Almost a decade later, the Nextel buyout could be Sprint’s silver bullet.

All the bandwidth Sprint gives to other companies is a serious drain. These companies sell services that use Sprint’s network to carry them, even though they have entirely different names, brands, and pricing structures.

Sprint caters to more MVNOs than any other carrier. Of the 140-plus MVNOs in the United States, Sprint is the primary service provider for more than half, including the big ones like Republic Wireless, Straight Talk, and Virgin Mobile USA (which Sprint now owns.) These MVNOs do pay for the services they use on Sprint’s network, but eat away at network availability for Sprint customers during peak hours.

There’s technically nothing wrong with Sprint supplying MVNOs with its excess bandwidth, especially since it helps guarantee income for Sprint.

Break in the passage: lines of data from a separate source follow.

Lemma divide_cross g M a0 s a b a1 b1 : (g | M) -> Z.gcd M a0 = 1 ->
  (g | b * a0 - a * s) -> (g | b1 * a0 - a1 * s) -> (g | b * a1 - b1 * a).
Proof.
  intros HgM HM Hu Hu1. apply Z.gauss with a0.
  - replace (a0 * (b * a1 - b1 * a)) with (a1 * (b * a0 - a * s) - a * (b1 * a0 - a1 * s))
      by ring.
    apply Z.divide_sub_r; apply Z.divide_mul_r; auto.
  - apply (gcd_1_divide_l g M a0); auto.
Qed.

Lemma gcd_cross_gcds_divide_6 M a0 b0 a1 b1 :
  Z.gcd a0 b0 = 1 -> norm3 a0 b0 = M -> Z.gcd a1 b1 = 1 -> norm3 a1 b1 = M ->
  (Z.gcd (Z.gcd (b1 * a0 - a1 * b0) M) (Z.gcd (b1 * a0 + a1 * b0) M) | 6).
Proof.
  intros P0 E0 P1 E1.
  set (h := Z.gcd (Z.gcd (b1 * a0 - a1 * b0) M) (Z.gcd (b1 * a0 + a1 * b0) M)).
  assert (HhM : (h | M)) by (eapply Z.divide_trans; apply Z.gcd_divide_r).
  assert (Hh2b : (h | 2 * b1)).
  { apply Z.gauss with a0.
    - replace (a0 * (2 * b1)) with ((b1 * a0 - a1 * b0) + (b1 * a0 + a1 * b0)) by ring.
      apply Z.divide_add_r.
      + eapply Z.divide_trans; [apply Z.gcd_divide_l|apply Z.gcd_divide_l].
      + eapply Z.divide_trans; [apply Z.gcd_divide_r|apply Z.gcd_divide_l].
    - apply (gcd_1_divide_l h M a0); auto.
      rewrite Z.gcd_comm, <- E0. apply gcd_norm3_fst; auto. }
  assert (H2 : (h | Z.gcd (2 * b1) (2 * M))) by (apply Z.gcd_greatest; auto using Z.divide_mul_r).
  rewrite Z.gcd_mul_mono_l_nonneg in H2 by lia.
  eapply Z.divide_trans; [exact H2|]. apply (Z.mul_divide_mono_l _ 3 2).
  rewrite <- E1. apply gcd_norm3_snd_divide_3; auto.
Qed.

(* With [u1, v1 = b1 a0 -+ a1 b0], [M] divides [u1 v1 = M (a0^2 - a1^2)]; both
   [gcd u1 M] and [gcd v1 M] divide [b a1 - b1 a], and their gcd divides 6. *)
Lemma divide_cross_of_same_gcds M a0 b0 a1 b1 a b : 1 <= M ->
  Z.gcd a0 b0 = 1 -> norm3 a0 b0 = M -> Z.gcd a1 b1 = 1 -> norm3 a1 b1 = M ->
  Z.gcd (b * a0 - a * b0) M = Z.gcd (b1 * a0 - a1 * b0) M ->
  Z.gcd (b * a0 + a * b0) M = Z.gcd (b1 * a0 + a1 * b0) M ->
  (M | 6 * (b * a1 - b1 * a)).
Proof.
  intros HM P0 E0 P1 E1 Hu Hv.
  set (g1 := Z.gcd (b1 * a0 - a1 * b0) M). set (g2 := Z.gcd (b1 * a0 + a1 * b0) M).
  assert (C0 : Z.gcd M a0 = 1).
  { rewrite Z.gcd_comm, <- E0. apply gcd_norm3_fst; auto. }
  assert (Hprod : (M | g1 * g2)).
  { apply divide_gcd_mul_gcd; auto. exists (a0 ^ 2 - a1 ^ 2).
    transitivity (a0 ^ 2 * norm3 a1 b1 - a1 ^ 2 * norm3 a0 b0); [unfold norm3; ring|].
    rewrite E0, E1. ring. }
  assert (Hg1 : (g1 | b * a1 - b1 * a)).
  { apply (divide_cross g1 M a0 b0); auto; [apply Z.gcd_divide_r| |apply Z.gcd_divide_l].
    unfold g1. rewrite <- Hu. apply Z.gcd_divide_l. }
  assert (Hg2 : (g2 | b * a1 - b1 * a)).
  { apply (divide_cross g2 M a0 (- b0)); auto; [apply Z.gcd_divide_r| |].
    - replace (b * a0 - a * - b0) with (b * a0 + a * b0) by ring.
      unfold g2. rewrite <- Hv. apply Z.gcd_divide_l.
    - replace (b1 * a0 - a1 * - b0) with (b1 * a0 + a1 * b0) by ring.
      apply Z.gcd_divide_l. }
  eapply Z.divide_trans; [exact Hprod|].
  apply mul_divide_of_gcd_divide; try apply gcd_pos_r; auto.
  apply gcd_cross_gcds_divide_6; auto.
Qed.

Definition Zpair_eq_dec : forall x y : Z * Z, {x = y} + {x <> y}.
Proof. decide equality; apply Z.eq_dec. Defined.

Definition cross_gcds (M a0 b0 : Z) (s : Z * Z) : Z * Z :=
  (Z.gcd (snd s * a0 - fst s * b0) M, Z.gcd (snd s * a0 + fst s * b0) M).

(* A fiber injects into [[-3, 3] x bool] via
   [(a, b) |-> (6 (b a1 - b1 a) / M, sign of (b b1 + 3 a a1))]. *)
Lemma length_fiber_cross_gcds_le M a0 b0 a1 b1 : 1 <= M ->
  In (a0, b0) (prim_reps M) -> In (a1, b1) (prim_reps M) ->
  (length (fiber Zpair_eq_dec (cross_gcds M a0 b0) (prim_reps M)
             (cross_gcds M a0 b0 (a1, b1))) <= 14)%nat.
Proof.
  intros HM H0 H1.
  apply In_prim_reps in H0 as [E0 P0]; [|lia]. apply In_prim_reps in H1 as [E1 P1]; [|lia].
  set (F := fun s : Z * Z =>
    (6 * (snd s * a1 - b1 * fst s) / M, 0 <=? snd s * b1 + 3 * fst s * a1)).
  assert (Hfib : forall a b, In (a, b) (fiber Zpair_eq_dec (cross_gcds M a0 b0) (prim_reps M)
                                  (cross_gcds M a0 b0 (a1, b1))) ->
            norm3 a b = M /\ (M | 6 * (b * a1 - b1 * a))).
  { intros a b Hs. apply In_fiber in Hs as [Hs HG].
    apply In_prim_reps in Hs as [E _]; [|lia]. split; auto.
    unfold cross_gcds in HG. cbn [fst snd] in HG. injection HG as Hu Hv.
    apply (divide_cross_of_same_gcds M a0 b0 a1 b1 a b); auto. }
  change 14%nat with (length (list_prod (Zrange (-3) 7) [true; false])).
  apply (length_le_of_injective_in _ _ F).
  - apply NoDup_filter, NoDup_prim_reps.
  - intros [a b] [a' b'] Hs Hs' HF.
    apply Hfib in Hs as [E [j Ej]]. apply Hfib in Hs' as [E' [j' Ej']].
    unfold F in HF; cbn [fst snd] in HF. apply pair_equal_spec in HF as [Hj Hsign].
    rewrite Ej, Ej', !Z.div_mul in Hj by lia. subst j'.
    apply (rep_eq_of_cross_sign M a1 b1); auto. lia.
  - intros [a b] Hs. apply Hfib in Hs as [E [j Ej]].
    unfold F; cbn [fst snd]. rewrite Ej, Z.div_mul by lia.
    apply in_prod; [apply In_Zrange|destruct (_ <=? _); simpl; auto].
    pose proof (cross_quotient_bound M a1 b1 a b j HM E1 E Ej). lia.
Qed.

Lemma length_prim_reps_le M : 1 <= M -> (length (prim_reps M) <= 14 * (ndiv M * ndiv M))%nat.
Proof.
  intros HM. destruct (prim_reps M) as [|[a0 b0] r] eqn:E; [simpl; lia|].
  assert (H0 : In (a0, b0) (prim_reps M)) by (rewrite E; now left).
  rewrite <- E. unfold ndiv. rewrite <- length_prod.
  apply (length_le_mul_of_fibers Zpair_eq_dec _ _ (cross_gcds M a0 b0)).
  - intros s _. unfold cross_gcds.
    apply in_prod; apply In_divisors; auto; split; auto using gcd_pos_r, Z.gcd_divide_r.
  - intros [a1 b1] H1. now apply length_fiber_cross_gcds_le.
Qed.

Lemma rep_div_gcd M a b : 1 <= M -> norm3 a b = M ->
  1 <= Z.gcd a b /\ a = Z.gcd a b * (a / Z.gcd a b) /\ b = Z.gcd a b * (b / Z.gcd a b) /\
  Z.gcd (a / Z.gcd a b) (b / Z.gcd a b) = 1 /\
  M = Z.gcd a b * Z.gcd a b * norm3 (a / Z.gcd a b) (b / Z.gcd a b).
Proof.
  intros HM E. set (g := Z.gcd a b).
  assert (Hg : 1 <= g).
  { pose proof (Z.gcd_nonneg a b). destruct (Z.eq_dec g 0) as [E0|]; [|lia].
    apply Z.gcd_eq_0 in E0 as [-> ->]. unfold norm3 in E. simpl in E. lia. }
  assert (Ea : a = g * (a / g)) by (apply Zdivide_Zdiv_eq; [lia|apply Z.gcd_divide_l]).
  assert (Eb : b = g * (b / g)) by (apply Zdivide_Zdiv_eq; [lia|apply Z.gcd_divide_r]).
  repeat split; auto.
  - apply Z.gcd_div_gcd; [lia|reflexivity].
  - rewrite <- E. unfold norm3. rewrite Ea at 1. rewrite Eb at 1. ring.
Qed.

But when your network is hurting, it might be smart to consolidate your holdings. Sprint may have some of the most diverse spectrum, but with all of its MVNOs and a weakened brand, it’s hurting itself more than helping. If Sprint plans to compete against T-Mobile, Verizon, and AT&T, it needs to ensure bandwidth is available for Sprint customers, which may require sacrificing MVNO agreements.

Out-innovate the Uncarrier

It isn’t hard to be the Uncarrier. There’s no American Idol vote and T-Mobile didn’t win its title as Uncarrier either, it just started acting like one. There’s nothing stopping Sprint, just like every other major carrier, from trying to out-innovate even T-Mobile’s own Uncarrier ways. After all, T-Mobile may be claiming it wants to change the industry, but in reality it’s also trying to just win over customers.

Related: Is T-Mobile really the “Uncarrier” or is it just a marketing gimmick?

For Sprint to win customers and turn itself around, it needs to think three moves ahead, just like T-Mobile. At its Uncarrier 5.0/6.0 event back in June, T-Mobile already bragged about its plans for Uncarrier version 7.0 in the coming months. Sprint needs to plan its own ways to entice customers. It can’t compete trying to act like AT&T or Verizon.

This could all be a new beginning for the carrier from Overland Park, Kansas, or its death knell. There’s nothing stopping Sprint from doing any one of these things to help get itself back in the race.